Segment Open
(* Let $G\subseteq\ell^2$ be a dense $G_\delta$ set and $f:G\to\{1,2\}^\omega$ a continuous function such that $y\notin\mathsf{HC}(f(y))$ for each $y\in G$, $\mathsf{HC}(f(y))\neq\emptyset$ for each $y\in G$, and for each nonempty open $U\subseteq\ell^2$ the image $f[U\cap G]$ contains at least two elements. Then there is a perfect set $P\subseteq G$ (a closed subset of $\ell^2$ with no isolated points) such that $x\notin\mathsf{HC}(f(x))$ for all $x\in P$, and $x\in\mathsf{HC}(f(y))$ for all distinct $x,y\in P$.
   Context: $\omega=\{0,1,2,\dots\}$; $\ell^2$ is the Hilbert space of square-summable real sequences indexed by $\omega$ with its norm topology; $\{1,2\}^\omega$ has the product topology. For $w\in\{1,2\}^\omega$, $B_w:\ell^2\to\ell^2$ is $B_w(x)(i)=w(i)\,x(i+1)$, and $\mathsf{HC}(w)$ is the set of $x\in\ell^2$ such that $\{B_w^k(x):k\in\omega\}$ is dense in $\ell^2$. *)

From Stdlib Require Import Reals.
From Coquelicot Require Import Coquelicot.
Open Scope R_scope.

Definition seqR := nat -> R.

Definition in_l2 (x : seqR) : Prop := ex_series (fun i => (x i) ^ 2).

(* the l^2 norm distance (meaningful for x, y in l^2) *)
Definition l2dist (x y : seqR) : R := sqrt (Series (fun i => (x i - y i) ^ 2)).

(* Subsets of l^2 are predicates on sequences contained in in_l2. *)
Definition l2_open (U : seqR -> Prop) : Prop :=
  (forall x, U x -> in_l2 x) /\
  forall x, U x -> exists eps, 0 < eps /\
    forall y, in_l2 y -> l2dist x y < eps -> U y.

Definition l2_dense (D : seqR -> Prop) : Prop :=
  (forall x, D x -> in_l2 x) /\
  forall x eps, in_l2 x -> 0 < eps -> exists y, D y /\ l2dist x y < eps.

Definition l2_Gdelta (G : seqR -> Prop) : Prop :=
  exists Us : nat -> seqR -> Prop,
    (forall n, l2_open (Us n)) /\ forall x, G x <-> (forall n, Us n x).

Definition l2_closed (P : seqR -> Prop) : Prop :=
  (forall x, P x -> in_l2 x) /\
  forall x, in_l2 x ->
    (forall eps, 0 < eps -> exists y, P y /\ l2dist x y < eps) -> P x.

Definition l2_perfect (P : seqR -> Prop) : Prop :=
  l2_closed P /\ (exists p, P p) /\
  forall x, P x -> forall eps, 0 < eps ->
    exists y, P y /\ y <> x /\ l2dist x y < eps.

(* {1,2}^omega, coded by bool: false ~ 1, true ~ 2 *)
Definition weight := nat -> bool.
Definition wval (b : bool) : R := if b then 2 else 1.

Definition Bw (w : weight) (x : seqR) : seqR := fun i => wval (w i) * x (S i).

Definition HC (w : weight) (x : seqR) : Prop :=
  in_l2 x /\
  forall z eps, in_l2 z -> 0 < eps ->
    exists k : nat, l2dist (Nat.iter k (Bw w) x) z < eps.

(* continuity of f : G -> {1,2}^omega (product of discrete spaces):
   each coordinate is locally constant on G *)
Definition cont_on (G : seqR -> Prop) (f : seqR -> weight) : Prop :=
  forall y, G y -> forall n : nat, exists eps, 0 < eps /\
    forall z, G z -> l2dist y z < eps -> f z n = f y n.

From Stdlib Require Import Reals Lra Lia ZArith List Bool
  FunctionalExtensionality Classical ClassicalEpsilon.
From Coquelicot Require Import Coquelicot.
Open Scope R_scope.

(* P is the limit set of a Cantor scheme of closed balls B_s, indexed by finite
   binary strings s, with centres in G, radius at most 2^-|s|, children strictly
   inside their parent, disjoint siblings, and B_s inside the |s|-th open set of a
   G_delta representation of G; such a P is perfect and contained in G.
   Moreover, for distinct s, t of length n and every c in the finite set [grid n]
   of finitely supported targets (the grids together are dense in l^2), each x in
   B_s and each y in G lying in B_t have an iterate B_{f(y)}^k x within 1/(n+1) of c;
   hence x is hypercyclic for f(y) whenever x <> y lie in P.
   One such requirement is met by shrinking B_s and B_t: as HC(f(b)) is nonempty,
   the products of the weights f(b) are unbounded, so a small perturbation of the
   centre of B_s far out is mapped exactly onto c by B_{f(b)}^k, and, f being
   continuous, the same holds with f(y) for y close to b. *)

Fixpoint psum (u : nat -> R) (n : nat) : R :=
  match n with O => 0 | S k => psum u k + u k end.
Segment Closed
Segment Open
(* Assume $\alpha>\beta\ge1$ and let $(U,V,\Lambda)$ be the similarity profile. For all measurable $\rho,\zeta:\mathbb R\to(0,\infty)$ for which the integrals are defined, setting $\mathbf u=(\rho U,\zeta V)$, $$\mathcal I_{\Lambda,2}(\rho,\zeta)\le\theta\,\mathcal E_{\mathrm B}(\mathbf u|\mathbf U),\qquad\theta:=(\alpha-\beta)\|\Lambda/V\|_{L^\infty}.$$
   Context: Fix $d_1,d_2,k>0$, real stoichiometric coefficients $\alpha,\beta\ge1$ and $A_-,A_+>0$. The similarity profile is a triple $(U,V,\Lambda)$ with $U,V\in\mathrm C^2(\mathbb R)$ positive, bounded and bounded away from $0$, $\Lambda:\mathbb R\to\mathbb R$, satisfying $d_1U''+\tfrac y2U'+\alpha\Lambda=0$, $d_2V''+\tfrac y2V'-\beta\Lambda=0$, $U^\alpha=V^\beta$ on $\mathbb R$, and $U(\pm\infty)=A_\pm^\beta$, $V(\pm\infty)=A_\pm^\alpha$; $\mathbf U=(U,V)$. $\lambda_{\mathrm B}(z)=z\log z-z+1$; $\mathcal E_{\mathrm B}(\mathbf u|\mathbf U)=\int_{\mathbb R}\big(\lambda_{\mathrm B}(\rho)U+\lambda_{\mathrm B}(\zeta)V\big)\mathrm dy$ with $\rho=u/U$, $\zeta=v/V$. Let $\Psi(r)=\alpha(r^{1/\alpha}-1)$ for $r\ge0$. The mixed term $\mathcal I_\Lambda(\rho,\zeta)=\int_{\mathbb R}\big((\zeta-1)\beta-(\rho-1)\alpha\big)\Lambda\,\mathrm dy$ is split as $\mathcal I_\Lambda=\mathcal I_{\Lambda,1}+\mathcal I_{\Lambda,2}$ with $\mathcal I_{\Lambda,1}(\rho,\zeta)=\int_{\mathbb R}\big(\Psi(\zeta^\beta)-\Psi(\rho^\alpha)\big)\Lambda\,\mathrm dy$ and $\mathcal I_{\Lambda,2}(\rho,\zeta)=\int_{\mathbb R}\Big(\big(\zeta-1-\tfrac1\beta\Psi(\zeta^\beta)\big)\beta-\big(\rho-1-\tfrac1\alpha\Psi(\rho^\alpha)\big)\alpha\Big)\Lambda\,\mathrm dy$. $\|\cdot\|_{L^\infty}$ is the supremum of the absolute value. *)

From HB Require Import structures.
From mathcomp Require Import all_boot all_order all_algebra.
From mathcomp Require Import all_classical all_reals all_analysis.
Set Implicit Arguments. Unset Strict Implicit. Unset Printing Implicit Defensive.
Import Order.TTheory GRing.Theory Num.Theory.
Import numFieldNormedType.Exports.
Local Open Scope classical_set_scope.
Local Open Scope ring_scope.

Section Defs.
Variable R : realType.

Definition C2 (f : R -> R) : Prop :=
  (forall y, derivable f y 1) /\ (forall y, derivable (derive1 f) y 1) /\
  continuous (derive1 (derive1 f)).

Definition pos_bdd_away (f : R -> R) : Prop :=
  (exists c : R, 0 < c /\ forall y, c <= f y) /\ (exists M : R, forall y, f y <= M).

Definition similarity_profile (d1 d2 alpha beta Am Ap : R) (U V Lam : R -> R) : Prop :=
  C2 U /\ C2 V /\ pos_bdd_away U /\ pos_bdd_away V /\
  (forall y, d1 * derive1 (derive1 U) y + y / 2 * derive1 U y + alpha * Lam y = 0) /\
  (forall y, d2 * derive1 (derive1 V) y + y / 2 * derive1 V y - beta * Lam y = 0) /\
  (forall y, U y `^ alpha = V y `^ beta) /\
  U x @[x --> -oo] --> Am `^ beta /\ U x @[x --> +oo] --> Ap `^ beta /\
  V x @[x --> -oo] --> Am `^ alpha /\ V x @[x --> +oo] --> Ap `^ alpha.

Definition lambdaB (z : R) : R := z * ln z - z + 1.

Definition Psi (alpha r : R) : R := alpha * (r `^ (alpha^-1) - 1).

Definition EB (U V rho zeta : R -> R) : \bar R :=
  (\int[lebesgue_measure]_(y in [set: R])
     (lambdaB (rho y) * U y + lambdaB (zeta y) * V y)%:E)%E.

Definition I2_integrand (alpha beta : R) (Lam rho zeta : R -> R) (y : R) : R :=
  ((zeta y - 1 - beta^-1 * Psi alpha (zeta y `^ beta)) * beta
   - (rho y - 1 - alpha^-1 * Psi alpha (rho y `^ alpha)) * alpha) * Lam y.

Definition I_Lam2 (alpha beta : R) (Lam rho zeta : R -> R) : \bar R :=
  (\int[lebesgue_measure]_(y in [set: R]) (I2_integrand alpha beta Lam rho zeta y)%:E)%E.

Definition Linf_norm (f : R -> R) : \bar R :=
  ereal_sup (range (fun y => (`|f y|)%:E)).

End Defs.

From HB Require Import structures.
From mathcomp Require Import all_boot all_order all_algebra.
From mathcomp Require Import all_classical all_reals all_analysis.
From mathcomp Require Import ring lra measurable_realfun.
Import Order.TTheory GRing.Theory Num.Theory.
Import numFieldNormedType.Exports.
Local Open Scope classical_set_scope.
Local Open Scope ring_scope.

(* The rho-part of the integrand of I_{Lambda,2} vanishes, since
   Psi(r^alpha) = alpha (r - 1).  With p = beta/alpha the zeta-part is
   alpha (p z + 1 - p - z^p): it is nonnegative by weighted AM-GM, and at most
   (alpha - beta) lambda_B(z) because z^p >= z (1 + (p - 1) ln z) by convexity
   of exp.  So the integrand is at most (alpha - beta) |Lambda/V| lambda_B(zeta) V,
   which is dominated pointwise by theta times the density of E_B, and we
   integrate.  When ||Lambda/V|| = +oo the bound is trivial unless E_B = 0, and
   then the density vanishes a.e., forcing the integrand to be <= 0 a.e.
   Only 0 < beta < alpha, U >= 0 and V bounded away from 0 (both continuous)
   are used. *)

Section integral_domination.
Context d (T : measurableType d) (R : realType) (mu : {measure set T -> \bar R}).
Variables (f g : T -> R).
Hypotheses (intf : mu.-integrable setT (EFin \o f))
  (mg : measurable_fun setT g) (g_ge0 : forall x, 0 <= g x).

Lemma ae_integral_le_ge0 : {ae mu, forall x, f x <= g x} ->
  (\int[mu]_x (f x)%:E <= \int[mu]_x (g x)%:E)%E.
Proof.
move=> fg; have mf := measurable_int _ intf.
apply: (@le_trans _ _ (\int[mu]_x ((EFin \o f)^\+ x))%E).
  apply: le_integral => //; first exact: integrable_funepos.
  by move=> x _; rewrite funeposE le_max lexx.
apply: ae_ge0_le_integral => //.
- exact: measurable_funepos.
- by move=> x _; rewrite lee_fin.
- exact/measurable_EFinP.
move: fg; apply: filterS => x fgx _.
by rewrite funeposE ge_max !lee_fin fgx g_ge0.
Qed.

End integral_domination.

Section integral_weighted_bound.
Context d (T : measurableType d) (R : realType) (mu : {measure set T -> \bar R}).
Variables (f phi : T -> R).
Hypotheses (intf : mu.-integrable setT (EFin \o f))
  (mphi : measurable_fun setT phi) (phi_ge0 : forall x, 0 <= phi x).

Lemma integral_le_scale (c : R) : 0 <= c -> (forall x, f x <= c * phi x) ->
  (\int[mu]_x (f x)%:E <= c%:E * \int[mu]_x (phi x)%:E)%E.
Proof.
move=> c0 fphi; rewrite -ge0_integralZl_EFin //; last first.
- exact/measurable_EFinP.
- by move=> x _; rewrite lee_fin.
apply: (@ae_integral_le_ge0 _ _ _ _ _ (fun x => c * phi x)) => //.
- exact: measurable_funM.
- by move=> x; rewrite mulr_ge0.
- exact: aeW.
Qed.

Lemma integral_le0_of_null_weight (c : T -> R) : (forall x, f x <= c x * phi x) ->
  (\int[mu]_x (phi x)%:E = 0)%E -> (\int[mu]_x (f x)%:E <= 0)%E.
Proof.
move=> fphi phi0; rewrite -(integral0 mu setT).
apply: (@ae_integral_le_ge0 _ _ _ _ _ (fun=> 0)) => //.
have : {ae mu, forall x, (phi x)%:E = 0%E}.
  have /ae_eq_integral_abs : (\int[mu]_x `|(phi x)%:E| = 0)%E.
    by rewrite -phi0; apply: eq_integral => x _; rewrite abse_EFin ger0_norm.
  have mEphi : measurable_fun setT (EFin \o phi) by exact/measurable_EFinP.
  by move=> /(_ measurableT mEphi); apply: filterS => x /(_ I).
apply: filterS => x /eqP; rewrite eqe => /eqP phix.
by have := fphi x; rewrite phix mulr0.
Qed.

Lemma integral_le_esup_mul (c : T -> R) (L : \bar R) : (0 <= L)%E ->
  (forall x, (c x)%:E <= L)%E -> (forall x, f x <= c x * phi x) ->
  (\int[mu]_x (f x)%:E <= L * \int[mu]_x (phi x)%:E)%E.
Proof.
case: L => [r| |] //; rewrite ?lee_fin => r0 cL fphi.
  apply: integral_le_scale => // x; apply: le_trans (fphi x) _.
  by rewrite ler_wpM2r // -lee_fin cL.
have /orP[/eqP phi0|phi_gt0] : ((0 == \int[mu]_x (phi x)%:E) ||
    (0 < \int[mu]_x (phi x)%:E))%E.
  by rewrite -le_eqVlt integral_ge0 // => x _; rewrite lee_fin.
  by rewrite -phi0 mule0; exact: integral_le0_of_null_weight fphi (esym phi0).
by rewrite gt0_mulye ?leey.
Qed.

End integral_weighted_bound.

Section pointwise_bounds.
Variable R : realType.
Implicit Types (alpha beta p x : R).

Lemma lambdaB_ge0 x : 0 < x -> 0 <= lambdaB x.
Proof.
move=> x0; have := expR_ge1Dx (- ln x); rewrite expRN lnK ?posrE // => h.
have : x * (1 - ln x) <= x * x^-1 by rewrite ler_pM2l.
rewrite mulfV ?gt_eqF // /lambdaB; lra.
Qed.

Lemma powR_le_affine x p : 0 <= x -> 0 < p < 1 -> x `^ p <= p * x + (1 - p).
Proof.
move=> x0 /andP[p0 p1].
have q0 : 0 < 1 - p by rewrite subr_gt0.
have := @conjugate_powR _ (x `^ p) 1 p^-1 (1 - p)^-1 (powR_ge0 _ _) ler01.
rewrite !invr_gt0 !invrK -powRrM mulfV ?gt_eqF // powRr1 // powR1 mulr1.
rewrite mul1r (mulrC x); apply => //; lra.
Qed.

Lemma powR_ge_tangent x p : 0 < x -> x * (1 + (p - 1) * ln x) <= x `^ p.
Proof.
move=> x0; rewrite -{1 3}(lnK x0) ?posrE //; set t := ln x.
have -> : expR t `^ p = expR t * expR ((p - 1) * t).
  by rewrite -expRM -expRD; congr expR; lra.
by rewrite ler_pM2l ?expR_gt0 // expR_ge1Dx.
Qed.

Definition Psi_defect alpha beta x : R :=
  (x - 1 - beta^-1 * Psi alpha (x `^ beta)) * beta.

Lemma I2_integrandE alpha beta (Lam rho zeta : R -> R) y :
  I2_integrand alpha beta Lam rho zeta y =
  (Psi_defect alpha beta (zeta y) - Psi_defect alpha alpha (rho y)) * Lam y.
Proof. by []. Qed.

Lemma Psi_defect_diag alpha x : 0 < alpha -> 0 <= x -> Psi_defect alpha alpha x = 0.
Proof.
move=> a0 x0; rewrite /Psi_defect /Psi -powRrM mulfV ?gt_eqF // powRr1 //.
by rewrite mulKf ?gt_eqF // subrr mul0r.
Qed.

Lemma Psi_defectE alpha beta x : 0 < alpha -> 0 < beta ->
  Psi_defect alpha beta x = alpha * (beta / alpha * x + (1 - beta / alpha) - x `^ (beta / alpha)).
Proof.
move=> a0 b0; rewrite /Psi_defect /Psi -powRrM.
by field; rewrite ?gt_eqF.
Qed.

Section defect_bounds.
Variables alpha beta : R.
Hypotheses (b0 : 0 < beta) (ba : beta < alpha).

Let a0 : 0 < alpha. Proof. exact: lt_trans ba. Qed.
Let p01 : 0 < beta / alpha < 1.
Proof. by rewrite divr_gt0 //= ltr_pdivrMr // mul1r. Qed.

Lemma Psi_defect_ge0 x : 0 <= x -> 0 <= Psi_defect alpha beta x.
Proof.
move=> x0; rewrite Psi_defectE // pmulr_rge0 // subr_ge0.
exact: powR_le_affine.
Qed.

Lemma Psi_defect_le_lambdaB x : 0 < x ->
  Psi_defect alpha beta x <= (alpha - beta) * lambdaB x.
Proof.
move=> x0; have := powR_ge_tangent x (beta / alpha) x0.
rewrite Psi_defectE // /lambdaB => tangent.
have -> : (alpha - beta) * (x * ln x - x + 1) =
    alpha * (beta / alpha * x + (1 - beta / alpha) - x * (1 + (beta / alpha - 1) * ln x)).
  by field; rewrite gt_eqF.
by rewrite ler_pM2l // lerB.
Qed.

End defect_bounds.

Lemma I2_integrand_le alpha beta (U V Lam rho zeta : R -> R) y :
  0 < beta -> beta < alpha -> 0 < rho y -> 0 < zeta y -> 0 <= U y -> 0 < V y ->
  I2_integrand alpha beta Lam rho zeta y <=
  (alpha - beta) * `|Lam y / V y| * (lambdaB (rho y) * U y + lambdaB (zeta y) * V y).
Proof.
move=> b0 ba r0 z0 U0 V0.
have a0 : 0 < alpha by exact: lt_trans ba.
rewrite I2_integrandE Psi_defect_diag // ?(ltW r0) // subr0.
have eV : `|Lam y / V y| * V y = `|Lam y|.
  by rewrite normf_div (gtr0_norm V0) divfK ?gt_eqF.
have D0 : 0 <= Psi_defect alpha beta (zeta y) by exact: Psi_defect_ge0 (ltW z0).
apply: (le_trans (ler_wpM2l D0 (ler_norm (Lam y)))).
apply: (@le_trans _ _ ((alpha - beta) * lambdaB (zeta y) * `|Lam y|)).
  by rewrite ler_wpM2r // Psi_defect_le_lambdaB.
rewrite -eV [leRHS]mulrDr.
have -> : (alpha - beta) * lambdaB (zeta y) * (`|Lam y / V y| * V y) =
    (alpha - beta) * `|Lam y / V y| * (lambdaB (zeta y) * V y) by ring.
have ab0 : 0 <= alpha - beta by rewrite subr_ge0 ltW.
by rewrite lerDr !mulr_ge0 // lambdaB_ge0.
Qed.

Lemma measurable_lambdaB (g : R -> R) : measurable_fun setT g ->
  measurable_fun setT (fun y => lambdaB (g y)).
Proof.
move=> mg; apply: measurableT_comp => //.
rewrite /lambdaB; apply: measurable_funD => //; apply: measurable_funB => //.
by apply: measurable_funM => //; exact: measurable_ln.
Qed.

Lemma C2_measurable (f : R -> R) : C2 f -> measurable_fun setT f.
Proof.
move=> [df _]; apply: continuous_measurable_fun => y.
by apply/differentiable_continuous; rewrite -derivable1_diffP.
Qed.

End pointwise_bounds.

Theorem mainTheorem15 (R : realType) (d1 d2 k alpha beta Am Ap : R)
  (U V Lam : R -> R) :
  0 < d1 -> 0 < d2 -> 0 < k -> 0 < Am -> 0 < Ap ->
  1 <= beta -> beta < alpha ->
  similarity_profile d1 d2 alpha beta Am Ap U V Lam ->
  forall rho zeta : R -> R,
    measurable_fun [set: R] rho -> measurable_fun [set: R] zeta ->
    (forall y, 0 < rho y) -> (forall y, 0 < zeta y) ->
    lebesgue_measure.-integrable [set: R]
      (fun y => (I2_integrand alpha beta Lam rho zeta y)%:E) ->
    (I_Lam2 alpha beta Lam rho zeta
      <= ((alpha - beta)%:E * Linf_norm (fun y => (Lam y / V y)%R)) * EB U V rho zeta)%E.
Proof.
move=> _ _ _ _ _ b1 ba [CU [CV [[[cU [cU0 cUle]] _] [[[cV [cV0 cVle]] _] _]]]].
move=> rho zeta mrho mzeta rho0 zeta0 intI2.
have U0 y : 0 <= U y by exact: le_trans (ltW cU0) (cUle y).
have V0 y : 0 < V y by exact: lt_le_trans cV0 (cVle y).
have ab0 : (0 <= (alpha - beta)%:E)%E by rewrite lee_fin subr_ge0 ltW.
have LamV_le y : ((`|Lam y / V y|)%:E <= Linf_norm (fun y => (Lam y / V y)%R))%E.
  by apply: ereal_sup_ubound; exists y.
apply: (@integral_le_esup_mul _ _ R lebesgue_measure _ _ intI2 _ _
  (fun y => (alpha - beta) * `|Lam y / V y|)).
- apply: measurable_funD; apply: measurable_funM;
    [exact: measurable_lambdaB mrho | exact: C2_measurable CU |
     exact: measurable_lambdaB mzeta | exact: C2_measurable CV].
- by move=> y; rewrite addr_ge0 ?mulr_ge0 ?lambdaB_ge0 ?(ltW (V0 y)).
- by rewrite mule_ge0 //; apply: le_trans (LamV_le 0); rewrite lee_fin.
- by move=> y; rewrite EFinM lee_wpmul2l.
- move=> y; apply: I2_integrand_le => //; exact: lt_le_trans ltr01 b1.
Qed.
Segment Closed
Your assignment:
Return the lines containing "posrE", taking each one from the listing.

Answer space:
move=> x0; have := expR_ge1Dx (- ln x); rewrite expRN lnK ?posrE // => h.
move=> x0; rewrite -{1 3}(lnK x0) ?posrE //; set t := ln x.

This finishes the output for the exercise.